Hacía tres meses que Maggie vivía en Ginebra, en la Rue du Montchoissy número 4. Se sentía sola y me invitó a que pasara la Navidad con ella. Era un hogar sencillo. Dos habitaciones. La ventana de la cocina tenía vistas al lago Leman y por las mañanas siempre había algún cuervo jugando sobre el alero. El comportamiento de los cuervos era para mí una importante fuente de información. Si se quedaban durante mucho tiempo, entonces el día sería bueno.

Aquel diciembre bebimos café, gaseosas y toda clase de jugos de frutas. En la casa no se podía tomar alcohol. Esa era la única regla. Maggie se la alquiló a un alcohólico recuperado llamado Ralph Lugano, cincuentón delgado, de expresión siniestra que trabajaba para una importante empresa de exportación de gas. Su madre había nacido en Madrid por lo que hablaba español de manera perfecta, con acento abundante en eses. Ralph demostró ser un tipo comprensivo y le dejó el apartamento por casi nada. A veces nos llevaba a pasear por el Casco Histórico. Iba siempre con nosotros una señora. Asumí, en ese momento, que era su mujer.

Ginebra es la segunda ciudad más grande de Suiza. La capital mundial de la diplomacia, de la puntualidad y del fraude fiscal. El secreto bancario hace que muchas de las grandes fortunas del mundo elijan este lugar al pie de los Alpes para reposar y crecer. La actriz Elle McPherson, el expiloto de Fórmula 1 Fernando Alonso, el rey de Marruecos, Phil Collins y la abuela del rock, Tina Turner, son algunas de las estrellas internacionales que guardan sus billetes en la patria de Guillermo Tell. Suiza tiene más bancos que dentistas, les gusta decir con aire primermundista.

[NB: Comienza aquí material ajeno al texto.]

(* Let $l\le d/2$ and let $\mathbf{N}=(N_1,\dots,N_{l+1})$ be a POVM on $\mathbb{C}^d$ with $N_i=A_i\ket{\psi_i}\bra{\psi_i}$ for $i\in[l]$, where $\ket{\psi_i}$ are unit vectors and $A_i\ge0$. Let $W=\mathrm{span}_{\mathbb{C}}\{\ket{\psi_i}:i\in[l]\}$, $W^\perp$ its orthogonal complement with orthogonal projector $\mathbb{P}_{W^\perp}$, and $|W^\perp|$ its dimension. Define $F_i=A_i\ket{\psi_i}\bra{\psi_i}+\frac{1-A_i}{|W^\perp|}\mathbb{P}_{W^\perp}$ for $i\in[l]$ and $F_{l+1}=\mathbb{I}_d-\sum_{i=1}^lF_i$. Then $\mathbf{F}=(F_1,\dots,F_{l+1})$ is a POVM and $\mathbf{F}\in\mathrm{SP}(d)$.
   Context: A POVM on $\mathbb{C}^d$ is a tuple of positive semidefinite operators summing to $\mathbb{I}_d$; projective if $M_iM_j=\delta_{ij}M_i$. A classical post-processing (numbers $q_{i|j}\ge0$, $\sum_iq_{i|j}=1$) maps effects $M_j$ to $\sum_jq_{i|j}M_j$. $\mathrm{SP}(d)$ is the set of finite effect-wise convex combinations of post-processed projective measurements on $\mathbb{C}^d$. *)

(* Complex scalars: an arbitrary numClosedFieldType C
   (e.g. algC, or complex R for R : rcfType), which covers C = complex numbers. *)
From HB Require Import structures.
From mathcomp Require Import all_boot all_order all_algebra.
From mathcomp Require Import sesquilinear spectral.
Set Implicit Arguments. Unset Strict Implicit. Unset Printing Implicit Defensive.
Import Order.TTheory GRing.Theory Num.Theory Num.Def.
Local Open Scope ring_scope.
Local Open Scope sesquilinear_scope.

(* CONVENTION: vectors of C^d are ROW vectors 'rV[C]_d and an operator is a
   matrix M acting by right multiplication v |-> v *m M (the convention of
   mathcomp's spectral.v, where proj_ortho lives). Inner product
   <u,v> = (u *m v^t* ) 0 0 (linear in u, antilinear in v). *)

Section QDefs.
Variable C : numClosedFieldType.

Definition ketbra d (psi : 'rV[C]_d) : 'M[C]_d := psi^t* *m psi.

Definition unit_vec d (psi : 'rV[C]_d) : Prop := (psi *m psi^t*) 0 0 = 1.

Definition psdmx d (M : 'M[C]_d) : Prop :=
  M^t* = M /\ forall v : 'rV[C]_d, 0 <= (v *m M *m v^t*) 0 0.

Definition POVM d n (M : 'I_n -> 'M[C]_d) : Prop :=
  (forall i, psdmx (M i)) /\ \sum_(i < n) M i = 1%:M.

Definition projective d n (M : 'I_n -> 'M[C]_d) : Prop :=
  forall i j, M i *m M j = if i == j then M i else 0.

(* SP(d): finite effect-wise convex combinations of classical
   post-processings of projective measurements. *)
Definition SP d k (F : 'I_k -> 'M[C]_d) : Prop :=
  exists (m : nat) (p : 'I_m -> C) (ns : 'I_m -> nat)
         (P : forall t : 'I_m, 'I_(ns t) -> 'M[C]_d)
         (q : forall t : 'I_m, 'I_k -> 'I_(ns t) -> C),
    (forall t, 0 <= p t) /\ \sum_(t < m) p t = 1 /\
    (forall t, POVM (P t) /\ projective (P t)) /\
    (forall t i j, 0 <= q t i j) /\
    (forall t j, \sum_(i < k) q t i j = 1) /\
    (forall i, F i = \sum_(t < m) p t *: \sum_(j < ns t) q t i j *: P t j).

(* W = span{psi_i}: row space of the matrix with rows psi_i *)
Definition Wmx d l (psi : 'I_l -> 'rV[C]_d) : 'M[C]_(l, d) :=
  \matrix_(i < l) psi i.
Definition Wperp d l (psi : 'I_l -> 'rV[C]_d) : 'M[C]_d :=
  orthomx conjC 1%:M (Wmx psi).
Definition P_Wperp d l (psi : 'I_l -> 'rV[C]_d) : 'M[C]_d :=
  proj_ortho (Wperp psi).
Definition dim_Wperp d l (psi : 'I_l -> 'rV[C]_d) : nat := \rank (Wperp psi).

Definition Fi d l (A : 'I_l -> C) (psi : 'I_l -> 'rV[C]_d) (i : 'I_l) : 'M[C]_d :=
  A i *: ketbra (psi i) + ((1 - A i) / (dim_Wperp psi)%:R) *: P_Wperp psi.

(* F = (F_1, ..., F_l, F_{l+1}), outcome l+1 being ord_max *)
Definition Fpovm d l (A : 'I_l -> C) (psi : 'I_l -> 'rV[C]_d) (i : 'I_l.+1) : 'M[C]_d :=
  match unlift ord_max i with
  | Some j => Fi A psi j
  | None => 1%:M - \sum_(j < l) Fi A psi j
  end.

End QDefs.

From HB Require Import structures.
From mathcomp Require Import all_boot all_order all_algebra.
From mathcomp Require Import sesquilinear spectral zify.
Set Implicit Arguments. Unset Strict Implicit. Unset Printing Implicit Defensive.
Import Order.TTheory GRing.Theory Num.Theory Num.Def.
Local Open Scope ring_scope.
Local Open Scope sesquilinear_scope.

(* Let V be the matrix with rows sqrt(A_i) psi_i, so that N_{l+1} = 1 - V^* V.
   Positivity of N_{l+1} forces V V^* <= 1, hence 1 - V V^* = G G^* for some G,
   which we pad to r := |W^perp| >= l columns.  With E an isometry onto W^perp
   (so V E^* = 0), every unitary U of C^r yields an isometry V + G U E, and the
   rank-one projectors onto its rows, completed by 1 minus their sum, form a
   projective measurement (a Naimark dilation of N).  Averaging over the group
   of signed cyclic shifts U, a unitary 1-design, kills the cross terms and
   replaces G^* e_i e_i^* G by its trace (1 - A_i) / r times the identity, so
   outcome i of the average is A_i |psi_i><psi_i| + (1 - A_i)/r P_{W^perp} = F_i:
   F is a uniform mixture of projective measurements. *)

Lemma sum_mulrn_eq (V : nmodType) (I : finType) (F : I -> V) j :
  \sum_i F i *+ (i == j) = F j.
Proof. by under eq_bigr do rewrite mulrb; rewrite -big_mkcond big_pred1_eq. Qed.

Section ConjugateTranspose.
Variable C : numClosedFieldType.

Lemma trmxC_mul m n p (X : 'M[C]_(m, n)) (Y : 'M[C]_(n, p)) :
  (X *m Y)^t* = Y^t* *m X^t*.
Proof. by rewrite trmx_mul map_mxM. Qed.

Lemma trmxCD m n (X Y : 'M[C]_(m, n)) : (X + Y)^t* = X^t* + Y^t*.
Proof. by rewrite linearD map_mxD. Qed.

País neutral por antonomasia, en Suiza nunca pasa nada. El estatus político hace que sea el sitio perfecto para construir la sede de una organización internacional. La OMS, la OIT, la Cruz Roja y la ONU son los ejemplos paradigmáticos de Ginebra. Frente a la ONU, en la Plaza de las Naciones, se encuentra un monumento peculiar: una silla gigante de tres patas simboliza a las personas mutiladas por las minas de tierra. La gente alza el brazo y trata de tocar la pata rota; y eso es morbo y, dicen, es arte y es turismo.

Foto tomada de geneve.com

La ciudad no tiene industrias, por lo que su economía depende de los servicios. De la venta de relojes, de quesos, de chocolate, de navajas suizas, de peladores de papas, de celofán, de velcro, de influencias. Y de absenta. Los suizos inventaron la absenta. Parece increíble, pero es cierto.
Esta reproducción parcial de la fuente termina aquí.